The second batch — depends on array, stream, dtype.

Files:

  • Move: ops.gointernal/metal/ops.go
  • Move: slice.gointernal/metal/slice.go
  • Move: random.gointernal/metal/random.go
  • Move: fast.gointernal/metal/fast.go
  • Move: compile.gointernal/metal/compile.go

Step 1: Copy each file to internal/metal/

For each file: package mlxpackage metal. All function signatures stay the same (they're all in the same package now).

Step 2: Delete originals from root

git rm ops.go slice.go random.go fast.go compile.go

Step 3: Commit

git add internal/metal/
git commit -m "refactor(metal): move ops, slice, random, fast, compile to internal/metal"

Task 5: Move nn, io, grad, lora, optim

Third batch — depends on ops, array.

Files:

  • Move: nn.gointernal/metal/nn.go
  • Move: io.gointernal/metal/io.go
  • Move: grad.gointernal/metal/grad.go
  • Move: lora.gointernal/metal/lora.go
  • Move: optim.gointernal/metal/optim.go

Step 1: Copy each file to internal/metal/

package mlxpackage metal. Internal cross-references (e.g., LoRALinear referencing Linear) now resolve within the same package.

Step 2: Delete originals

git rm nn.go io.go grad.go lora.go optim.go

Step 3: Commit

git add internal/metal/
git commit -m "refactor(metal): move nn, io, grad, lora, optim to internal/metal"
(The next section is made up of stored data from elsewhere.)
Lemma ninvE w : ninv w = sumn [seq count (fun j => (i < j) && (nth 0 w j < nth 0 w i))
                                     (iota 0 (size w)) | i <- iota 0 (size w)].
Proof.
rewrite /ninv sumn_flatten -map_comp; congr sumn; apply: eq_map => i /=.
by rewrite sumn_count.
Qed.

Lemma ninv_cons x s : ninv (x :: s) = count (fun y => y < x) s + ninv s.
Proof.
have iota1 : iota 1 (size s) = map S (iota 0 (size s)).
  by rewrite -(addn0 1) iotaDl; apply: eq_map => ?; rewrite add1n.
rewrite !ninvE /= iota1 /=; congr (_ + _).
  by rewrite count_map -{3}(mkseq_nth 0 s) /mkseq count_map.
rewrite -map_comp; congr sumn; apply: eq_map => i /=.
by rewrite count_map add0n.
Qed.

Lemma ninv_iota m n : ninv (iota m n) = 0.
Proof.
elim: n m => [|n IH] m //=; rewrite ninv_cons IH addn0.
by rewrite (@eq_in_count _ _ pred0) ?count_pred0 // => y; rewrite mem_iota /=; lia.
Qed.

Lemma ninv_swap_at i u : 0 < i < size u ->
  ninv (swap_at i u) + (nth 0 u i < nth 0 u i.-1) =
  ninv u + (nth 0 u i.-1 < nth 0 u i).
Proof.
move=> i_in; have [l [r [sl E]]] := swap_at_split i_in.
move: E; set p := nth 0 u i.-1; set q := nth 0 u i => ->.
have -> : i = (size l).+1 by lia.
rewrite swap_at_cat; elim: l {sl} => [|x l IH] /=; first by rewrite !ninv_cons /=; lia.
by rewrite !ninv_cons !count_cat /=; lia.
Qed.

Lemma ninv_act u a : all (fun i => 0 < i < size u) a ->
  ninv (act a u) <= ninv u + size a /\
  (ninv (act a u) = ninv u + size a -> reduced_on u a).
Proof.
elim: a u => [|i a IH] u /=; first by rewrite addn0.
case/andP=> i_in a_in.
have [le_n eq_red] : ninv (act a (swap_at i u)) <= ninv (swap_at i u) + size a /\
    (ninv (act a (swap_at i u)) = ninv (swap_at i u) + size a ->
     reduced_on (swap_at i u) a).
  by apply: IH; rewrite size_swap_at.
have := ninv_swap_at i_in; case/andP: (i_in) => -> -> /=.
by case: ltngtP => /= _ ninv_step; split; lia.
Qed.

Lemma reduced_on_ninv u a : reduced_on u a -> ninv (act a u) = ninv u + size a.
Proof.
elim: a u => [|i a IH] u //=; first by rewrite addn0.
case/and4P=> i_gt0 i_lt asc red; rewrite IH //.
by have := @ninv_swap_at i u; rewrite i_gt0 i_lt asc /= ltnNge ltnW //=; lia.
Qed.

Lemma reduced_on_of_reduced n w a : reduced n w a -> reduced_on (iota 1 n) a.
Proof.
case=> letters [size_a act_a].
have a_in : all (fun i => 0 < i < size (iota 1 n)) a.
  by apply/allP => i /(allP letters); rewrite size_iota; lia.
by have [_] := ninv_act a_in; apply; rewrite act_a ninv_iota size_a.
Qed.

(** * Commutation classes *)

Lemma swap_at_commute i j v : (i + 2 <= j) || (j + 2 <= i) ->
  swap_at i (swap_at j v) = swap_at j (swap_at i v).
Proof.
move=> far; apply: (@eq_from_nth _ 0); first by rewrite /swap_at !size_set_nth; lia.
move=> k _; rewrite !nth_swap_at.
by repeat case: eqP => ?; try (congr (nth _ _ _); lia); lia.
Qed.

Lemma reduced_on_commute i j v : (i + 2 <= j) || (j + 2 <= i) ->
  reduced_on v [:: i; j] ->
  reduced_on v [:: j; i] /\ steps [:: j; i] v = rev (steps [:: i; j] v).
Proof.
move=> far /= /and4P[i_gt0 i_lt asc_i /and4P[j_gt0 j_lt asc_j _]].
rewrite size_swap_at ?i_gt0 // in j_lt.
have [fj fj'] : j <> i /\ j <> i.-1 by lia.
have [fi fi'] : i <> j /\ i <> j.-1 by lia.
have [fj1 fj1'] : j.-1 <> i /\ j.-1 <> i.-1 by lia.
have [fi1 fi1'] : i.-1 <> j /\ i.-1 <> j.-1 by lia.
rewrite !nth_swap_at_other // in asc_j *.
by rewrite j_gt0 j_lt asc_j size_swap_at ?j_gt0 // i_gt0 i_lt asc_i.
Qed.

Lemma comm_step_reduced_on u a b : comm_step a b -> reduced_on u a ->
  reduced_on u b /\ act a u = act b u.
Proof.
case=> x [y [i [j [far [-> ->]]]]].
rewrite !reduced_on_cat !act_cat => /and3P[red_x red_ij red_y].
have [red_ji _] := reduced_on_commute far red_ij.
have act_ij : act [:: i; j] (act x u) = act [:: j; i] (act x u).
  by rewrite /= (swap_at_commute _ far).
by rewrite -act_ij red_x red_ji red_y.
Qed.

Lemma comm_eq_reduced_on u a b : comm_eq a b -> reduced_on u a ->
  reduced_on u b /\ act a u = act b u.
Proof.
elim=> [a' b'|//|a' b' c' _ IH1 _ IH2]; first exact: comm_step_reduced_on.
by move=> red_a; have [red_b ->] := IH1 red_a; have [red_c ->] := IH2 red_b.
Qed.

Lemma comm_eq_size a b : comm_eq a b -> size a = size b.
Proof.
elim=> [a' b' [x [y [i [j [_ [-> ->]]]]]]|//|a' b' c' _ -> _ //].
by rewrite !size_cat.
Qed.

Lemma comm_eq_catr y a b : comm_eq a b -> comm_eq (a ++ y) (b ++ y).
Proof.
elim=> [a' b' [x [z [i [j [far [-> ->]]]]]]|a'|a' b' c' _ IH1 _ IH2].
- by apply: rt_step; exists x, (z ++ y), i, j; rewrite -!catA.
- exact: rt_refl.
- exact: rt_trans IH1 IH2.
Qed.

(** * The words a_min and a_max *)

(* Satisfied by the leftmost descent of [w]; unlike that property, it passes
   from [act [:: e] v] to [v] when [e != d]. *)
Definition prefix_max_descent (w : seq nat) d :=
  [/\ 0 < d, d < size w, nth 0 w d < nth 0 w d.-1 &
      forall j, j < d.-1 -> nth 0 w j < nth 0 w d.-1].

Lemma prefix_max_descent_iota n d : ~ prefix_max_descent (iota 1 n) d.
Proof. by case=> d_gt0; rewrite size_iota => d_lt; rewrite !nth_iota //; lia. Qed.

Lemma prefix_max_descent_swap_pred v e d : reduced_on v [:: e] ->
  prefix_max_descent (act [:: e] v) d -> d != e.+1.
Proof.
move=> /= /and4P[e_gt0 _ asc _] [_ _ _ prefix]; apply/eqP => d_def.
by have := prefix e.-1; rewrite d_def /= nth_swap_at_lo // nth_swap_at_hi; lia.
Qed.

Lemma prefix_max_descent_swap v e d : reduced_on v [:: e] ->
  prefix_max_descent (act [:: e] v) d -> e != d -> prefix_max_descent v d.
Proof.
move=> red pmd e_ne_d; have /eqP d_ne := prefix_max_descent_swap_pred red pmd.
move: red pmd => /= /and4P[e_gt0 e_lt asc _] [d_gt0 d_lt desc prefix].
rewrite size_swap_at ?e_gt0 // in d_lt.
have w_lo := nth_swap_at_lo v e_gt0; have w_hi := nth_swap_at_hi e v.
have w_other := nth_swap_at_other v (i := e).
have top : nth 0 (swap_at e v) d.-1 = nth 0 v d.-1 by apply: w_other; lia.
split => //.
- case: (eqVneq e d.+1) => [e_def | e_ne].
    by subst e; move: desc; rewrite top /= in w_lo asc *; rewrite w_lo; lia.
  by rewrite -top -w_other //; lia.
- move=> j j_lt; rewrite -top.
  case: (eqVneq j e) => [j_e | j_ne]; first by subst j; rewrite -w_lo prefix //; lia.
  case: (eqVneq j e.-1) => [j_e | j_ne'].
    by subst j; apply: ltn_trans asc _; rewrite -w_lo prefix //; lia.
  by rewrite -w_other ?prefix //; lia.
Qed.

Lemma prefix_max_descent_braid u d : reduced_on u [:: d; d.+1] ->
  prefix_max_descent (act [:: d; d.+1] u) d -> prefix_max_descent u d.+1.
Proof.
move=> /= /and5P[d_gt0 d_lt _ d1_lt /andP[asc _]].
rewrite size_swap_at ?d_gt0 // nth_swap_at_hi nth_swap_at_other in d1_lt asc; try lia.
have nthE k : nth 0 (swap_at d.+1 (swap_at d u)) k = nth 0 u
    (if k == d.-1 then d else if k == d then d.+1 else if k == d.+1 then d.-1 else k).
  by rewrite !nth_swap_at; repeat case: eqP => ?; try (congr (nth _ _ _); lia); lia.
rewrite /prefix_max_descent /act /= !nthE !eqxx.
have -> : (d == d.-1) = false by lia.
case=> _ _ desc prefix; split => // j j_lt.
case: (eqVneq j d.-1) => [-> | j_ne]; first lia.
by have := prefix j; rewrite nthE (negbTE j_ne) !ifN_eq; lia.
Qed.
Task 6: Flatten sub-packages into internal/metal/

The sub-packages (model/, tokenizer/, sample/, cache/) merge into internal/metal/.

Files:

  • Move: tokenizer/tokenizer.gointernal/metal/tokenizer.go
  • Move: sample/sample.gointernal/metal/sample.go
  • Move: cache/cache.gointernal/metal/cache.go
  • Move: model/model.gointernal/metal/model.go
  • Move: model/gemma3.gointernal/metal/gemma3.go
  • Move: model/qwen3.gointernal/metal/qwen3.go

Step 1: Copy files, fix package declarations

For each file:

  • package tokenizer / package sample / package cache / package modelpackage metal
  • Remove all import "forge.lthn.ai/core/go-mlx" lines — the types are now in the same package
  • Remove all import "forge.lthn.ai/core/go-mlx/cache" etc. — same package
  • Remove mlx. prefixes on all type and function references (e.g., mlx.ArrayArray, mlx.MatMulMatMul, mlx.LinearLinear)
  • Remove cache. prefixes (cache.CacheCache, cache.NewKVCacheNewKVCache)
  • Remove tokenizer. prefixes
  • Remove sample. prefixes

Step 2: Handle name collisions

Check for conflicts when flattening:

  • model.Model interface → rename to InternalModel (the public one is mlx.TextModel)
  • model.LoadModel function → rename to loadModel (unexported, called by backend.go)
  • tokenizer.Load → rename to loadTokenizer
  • tokenizer.Tokenizer struct → stays Tokenizer
  • sample.Sampler interface → stays Sampler
  • sample.New → rename to newSampler
  • cache.Cache interface → stays Cache

Step 3: Delete old sub-package directories

git rm -r model/ tokenizer/ sample/ cache/

Step 4: Verify compilation

go build ./internal/metal/
# Expected: compiles (all types in one package now)

Step 5: Commit

git add internal/metal/
git commit -m "refactor(metal): flatten model, tokenizer, sample, cache into internal/metal"

Task 7: Move all tests into internal/metal/

Files:

  • Move: array_test.gointernal/metal/array_test.go
  • Move: ops_test.gointernal/metal/ops_test.go
  • Move: nn_test.gointernal/metal/nn_test.go
  • Move: fast_test.gointernal/metal/fast_test.go
  • Move: grad_test.gointernal/metal/grad_test.go
  • Move: lora_test.gointernal/metal/lora_test.go
  • Move: optim_test.gointernal/metal/optim_test.go
  • Move: tokenizer/tokenizer_test.gointernal/metal/tokenizer_test.go
  • Move: sample/sample_test.gointernal/metal/sample_test.go
  • Move: cache/cache_test.gointernal/metal/cache_test.go

Step 1: Copy all test files

For each:

  • package mlx / package tokenizer / etc. → package metal
  • Remove import "forge.lthn.ai/core/go-mlx" and sub-package imports
  • Remove mlx. / cache. / tokenizer. / sample. prefixes on all references
  • Adjust any renamed functions (e.g., tokenizer.LoadloadTokenizer)

Step 2: Delete originals

git rm array_test.go ops_test.go nn_test.go fast_test.go grad_test.go lora_test.go optim_test.go

Step 3: Run all tests

go test ./internal/metal/ -count=1
# Expected: all 148 tests pass

This is the critical checkpoint. If tests fail here, fix before continuing.

Step 4: Commit

git add internal/metal/
git commit -m "refactor(metal): move all tests to internal/metal (148 tests passing)"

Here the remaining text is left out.